I am going to share several web sites with you. However, there are some things that I feel need to be shared directly. The following excerpt is called "Welcome to Holland"


Welcome To Holland
by
Emily Perl Kingsley

c1987 by Emily Perl Kingsley.
All rights reserved.


"Matthew and ... I am often asked to describe the experience of raising a child with a disability - to try to help people who have not shared that unique experience to understand it, to imagine how it would feel. It's like this......

When you're going to have a baby, it's like planning a fabulous vacation trip - to Italy. You buy a bunch of guidebooks and make your wonderful plans. The Coliseum. The Michelangelo David. The gondolas in Venice. You may learn some handy phrases in Italian. It's all very exciting.

After months of eager anticipation, the day finally arrives. You pack your bags and off you go. Several hours later, the plane lands. The stewardess comes in and says, "Welcome to Holland."

"Holland?!?" you say. "What do you mean Holland?? I signed up for Italy! I'm supposed to be in Italy. All my life I've dreamed of going to Italy."

But there's been a change in the flight plan. They've landed in Holland and there you must stay.

The important thing is that they haven't taken you to a horrible, disgusting, filthy place, full of pestilence, famine and disease. It's just a different place.

So you must go out and buy new guide books. And you must learn a whole new language. And you will meet a whole new group of people you would never have met.

It's just a different place. It's slower-paced than Italy, less flashy than Italy. But after you've been there for a while and you catch your breath, you look around.... and you begin to notice that Holland has windmills....and Holland has tulips. Holland even has Rembrandts.

But everyone you know is busy coming and going from Italy... and they're all bragging about what a wonderful time they had there. And for the rest of your life, you will say "Yes, that's where I was supposed to go.

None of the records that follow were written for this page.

Lemma ip_kernel_comb_self : ip g g = \sum_i \sum_j c i * c j * K (zs i) (zs j).
Proof.
rewrite ip_kernel_comb; last exact: rkhs_kernel_comb.
apply: eq_bigr => i _.
by rewrite /g mulr_sumr; apply: eq_bigr => j _; rewrite mulrA kernel_sym.
Qed.

Lemma kernel_gram_ge0 : 0 <= \sum_i \sum_j c i * c j * K (zs i) (zs j).
Proof. by rewrite -ip_kernel_comb_self; apply/ip_ge0/rkhs_kernel_comb. Qed.

Lemma kernel_eval_sqr_le h : HK h ->
  (\sum_i c i * h (zs i)) ^+ 2 <= ip h h * \sum_i \sum_j c i * c j * K (zs i) (zs j).
Proof.
move=> h_in; have g_in := rkhs_kernel_comb.
by rewrite -ip_kernel_comb // -ip_kernel_comb_self ipC // ip_sqr_le.
Qed.

End KernelCombination.

Section EmpiricalKernel.
Variables (X : Type) (ghat : X -> Z) (n : nat) (Xs : 'I_n -> X).

Local Notation A := (Kmat K ghat Xs).

Lemma Kmat_sym : A^T = A.
Proof. by apply/matrixP => i j; rewrite !mxE kernel_sym. Qed.

Lemma Kmat_quad_form (x y : 'rV_n) : (x *m A *m y^T) 0 0
  = n%:R^-1 * \sum_i \sum_j x 0 i * y 0 j * K (ghat (Xs i)) (ghat (Xs j)).
Proof.
rewrite quad_formE mulr_sumr; apply: eq_bigr => i _.
by rewrite mulr_sumr; apply: eq_bigr => j _; rewrite mxE mulrCA.
Qed.

Lemma Kmat_psd (x : 'rV_n) : 0 <= (x *m A *m x^T) 0 0.
Proof.
rewrite Kmat_quad_form mulr_ge0 ?invr_ge0 ?ler0n //.
exact: (kernel_gram_ge0 (fun i => ghat (Xs i)) (fun i => x 0 i)).
Qed.

Lemma split_eval_sqr_le (p r : 'rV_n) h (de ga : R) : (0 < n)%N -> HK h ->
  ip h h <= 9 * ga -> \sum_i h (ghat (Xs i)) ^+ 2 <= n%:R * de ->
  (\sum_i (p + r) 0 i * h (ghat (Xs i))) ^+ 2
    <= 10 * n%:R * (de * (p *m p^T) 0 0 + ga * (r *m A *m r^T) 0 0).
Proof.
move=> n_gt0 h_in hh_le h_emp.
set a := \sum_i p 0 i * h (ghat (Xs i)); set b := \sum_i r 0 i * h (ghat (Xs i)).
have -> : \sum_i (p + r) 0 i * h (ghat (Xs i)) = a + b.
  by rewrite -big_split; apply: eq_bigr => i _; rewrite mxE mulrDl.
have ppE : (p *m p^T) 0 0 = \sum_i p 0 i ^+ 2.
  by rewrite mxE; apply: eq_bigr => i _; rewrite [X in _ * X]mxE expr2.
have pp_ge0 : 0 <= (p *m p^T) 0 0 by rewrite ppE sumr_ge0 // => i _; exact: sqr_ge0.
have rAr_ge0 := Kmat_psd r.
have a_le : a ^+ 2 <= (p *m p^T) 0 0 * (n%:R * de).
  by apply: le_trans (sum_mul_sqr_le _ _) _; rewrite ppE ler_wpM2l -?ppE.
have b_le : b ^+ 2 <= 9 * ga * (n%:R * (r *m A *m r^T) 0 0).
  rewrite Kmat_quad_form mulVKf ?pnatr_eq0 -?lt0n //.
  apply: le_trans (kernel_eval_sqr_le _ (fun i => r 0 i) h_in) _.
  by rewrite ler_wpM2r // (kernel_gram_ge0 _ (fun i => r 0 i)).
(* (a + b)^2 <= 10 a^2 + 10/9 b^2 since 0 <= (9 a - b)^2 *)
have := sqr_ge0 (9 * a - b); nra.
Qed.

Lemma local_rademacher_le_energy fH (de : R) : (0 < n)%N -> HK fH ->
  (local_rademacher HK ip fH ghat Xs de <=
   (2 ^- n * \sum_(s : {ffun 'I_n -> bool}) n%:R^-1 *
      Num.sqrt (10 * n%:R * resolvent_energy A de (ip fH fH) (sign_row s)))%:E)%E.
Proof.
move=> n_gt0 fH_in; rewrite /local_rademacher EFinM -sumEFin.
apply: lee_wpmul2l; first by rewrite lee_fin invr_ge0 exprn_ge0.
apply: lee_sum => s _; apply: ge_ereal_sup => _ [f [[f_in f_norm] f_emp] <-].
rewrite lee_fin ler_wpM2l ?invr_ge0 ?ler0n //; apply: ler_sqrt_sqr.
have h_in := rkhs_subr f_in fH_in.
have hh_le : ip (fun z => f z - fH z) (fun z => f z - fH z) <= 9 * ip fH fH.
  move: f_norm; rewrite /normK -ler_sqr ?nnegrE ?mulr_ge0 ?sqrtr_ge0 //.
  have fHfH_ge0 := ip_ge0 fH_in; have hh_ge0 := ip_ge0 h_in.
  by rewrite exprMn !sqr_sqrtr // -natrX.
have h_emp : \sum_i (f (ghat (Xs i)) - fH (ghat (Xs i))) ^+ 2 <= n%:R * de.
  by move: f_emp; rewrite /En ler_pdivrMl ?ltr0n.
rewrite /resolvent_energy; set e := @sign_row R n s; set r := de *: _.
have -> : \sum_i sgn R (s i) * (f (ghat (Xs i)) - fH (ghat (Xs i)))
    = \sum_i (e - r + r) 0 i * (f (ghat (Xs i)) - fH (ghat (Xs i))).
  by rewrite subrK; apply: eq_bigr => i _; rewrite mxE.
exact: split_eval_sqr_le n_gt0 h_in hh_le h_emp.
Qed.
End EmpiricalKernel.
End ReproducingKernel.

Theorem lemma10 (R : realType) (dZ : measure_display) (Z : measurableType dZ)
    (dX : measure_display) (X : measurableType dX)
    (rho : probability Z R) (K : Z -> Z -> R)
    (HK : set (Z -> R)) (ip : (Z -> R) -> (Z -> R) -> R)
    (mu : nat -> R) (phi : nat -> Z -> R)
    (fH : Z -> R) (ghat : X -> Z) :
  is_RKHS K HK ip ->
  assumption_A3 rho K mu phi ->
  HK fH ->
  measurable_fun setT ghat ->
  forall (n : nat) (Xs : 'I_n -> X) (muhat : 'I_n -> R),
    (0 < n)%N ->
    char_poly (Kmat K ghat Xs) = \prod_(j < n) ('X - (muhat j)%:P) ->
    (forall i j : 'I_n, (i <= j)%N -> muhat j <= muhat i) ->
    forall delta : R, 0 < delta ->
      (local_rademacher HK ip fH ghat Xs delta <=
       (Num.sqrt 10%:R * Num.max (normK ip fH) 1 * Rhat muhat delta)%:E)%E.
Proof.
move=> K_rkhs _ fH_in _ n Xs muhat n_gt0 A_char _ de de_gt0.
have ga_ge0 : 0 <= ip fH fH by rewrite -(sqr_normK K_rkhs fH_in) sqr_ge0.
have A_psd := Kmat_psd K_rkhs ghat Xs.
have card_signs : #|{ffun 'I_n -> bool}| = (2 ^ n)%N.
  by rewrite card_ffun card_bool card_ord.
apply: le_trans (local_rademacher_le_energy K_rkhs ghat Xs de n_gt0 fH_in) _.
rewrite lee_fin -natrX -card_signs.
apply: mean_scaled_sqrtr_le => //; first by rewrite card_signs expn_gt0.
- by rewrite le_max ler01 orbT.
- by move=> s; apply: resolvent_energy_ge0 => //; exact: ltW.
rewrite sqr_max1 ?sqrtr_ge0 // (sqr_normK K_rkhs fH_in) card_signs natrX.
exact: sum_sign_resolvent_energy_le (Kmat_sym K_rkhs ghat Xs) A_psd A_char de_gt0 ga_ge0.
Qed.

That's what I had planned."
    
And the pain of that will never, ever, ever, ever go away... because the loss of that dream is a very very significant loss.

But... if you spend your life mourning the fact that you didn't get to Italy, you may never be free to enjoy the very special, the very lovely things ... about Holland."


My advice to parents is that neither of them tries to blame the other for messing up the tickets for the trip.  No one is at fault - especially your baby is not at fault.  Nor is your baby "faulty".

It is just that this was unexpected.  Your plans did not include going to Holland.  You had no interest in Holland.  But the decision that you face is that you are there.  You are in shock.  Not only do you have to change your whole life because you are now parents - you are parents of a child with a different neurological system than the baby you expected, and the baby that perhaps your friends and relatives are accustomed to being around. 

You have dreams for that child.  This is not  a time for pretending.  Once you get past the shock, you need to allow yourself time to grieve.   There are several stages of grief, including denial, anger, sadness, etc….then you reach acceptance.  If you get stuck along the way, get help. This is "make it" or "break it" time.   You must have a support system.  Your greatest support will be from one another.  If one of you is stuck in denial - get educated about autism spectrum disorders. Your child needs both of you at the acceptance level.  Once you get there, you are ready to find out what you can do to help your child.

I highly recommend several web sites to gather information from persons who are able to share with us, what this world is like for them.

http://www.autism-pdd.net/brad.htm

http://www.nes.scot.nhs.uk/asd/index.htm

http://www.udel.edu/bkirby/asperger/grandparents.html

http://www.autism-watch.org/about/bio2.shtml

 

Ten Things Every Child With Autism Wishes You Knew
http://www.southflorida.com/sfparenting/sfe-sfp-autism,0,6196233.story


I'll stop there for now. Are you getting the picture? They simply do not understand why we don't think, act, or react as they do. They are trying to survive with a neurological system that is just bombarding them with stimuli. Or they may be so caught up in their own survival, that they do not even notice how we act.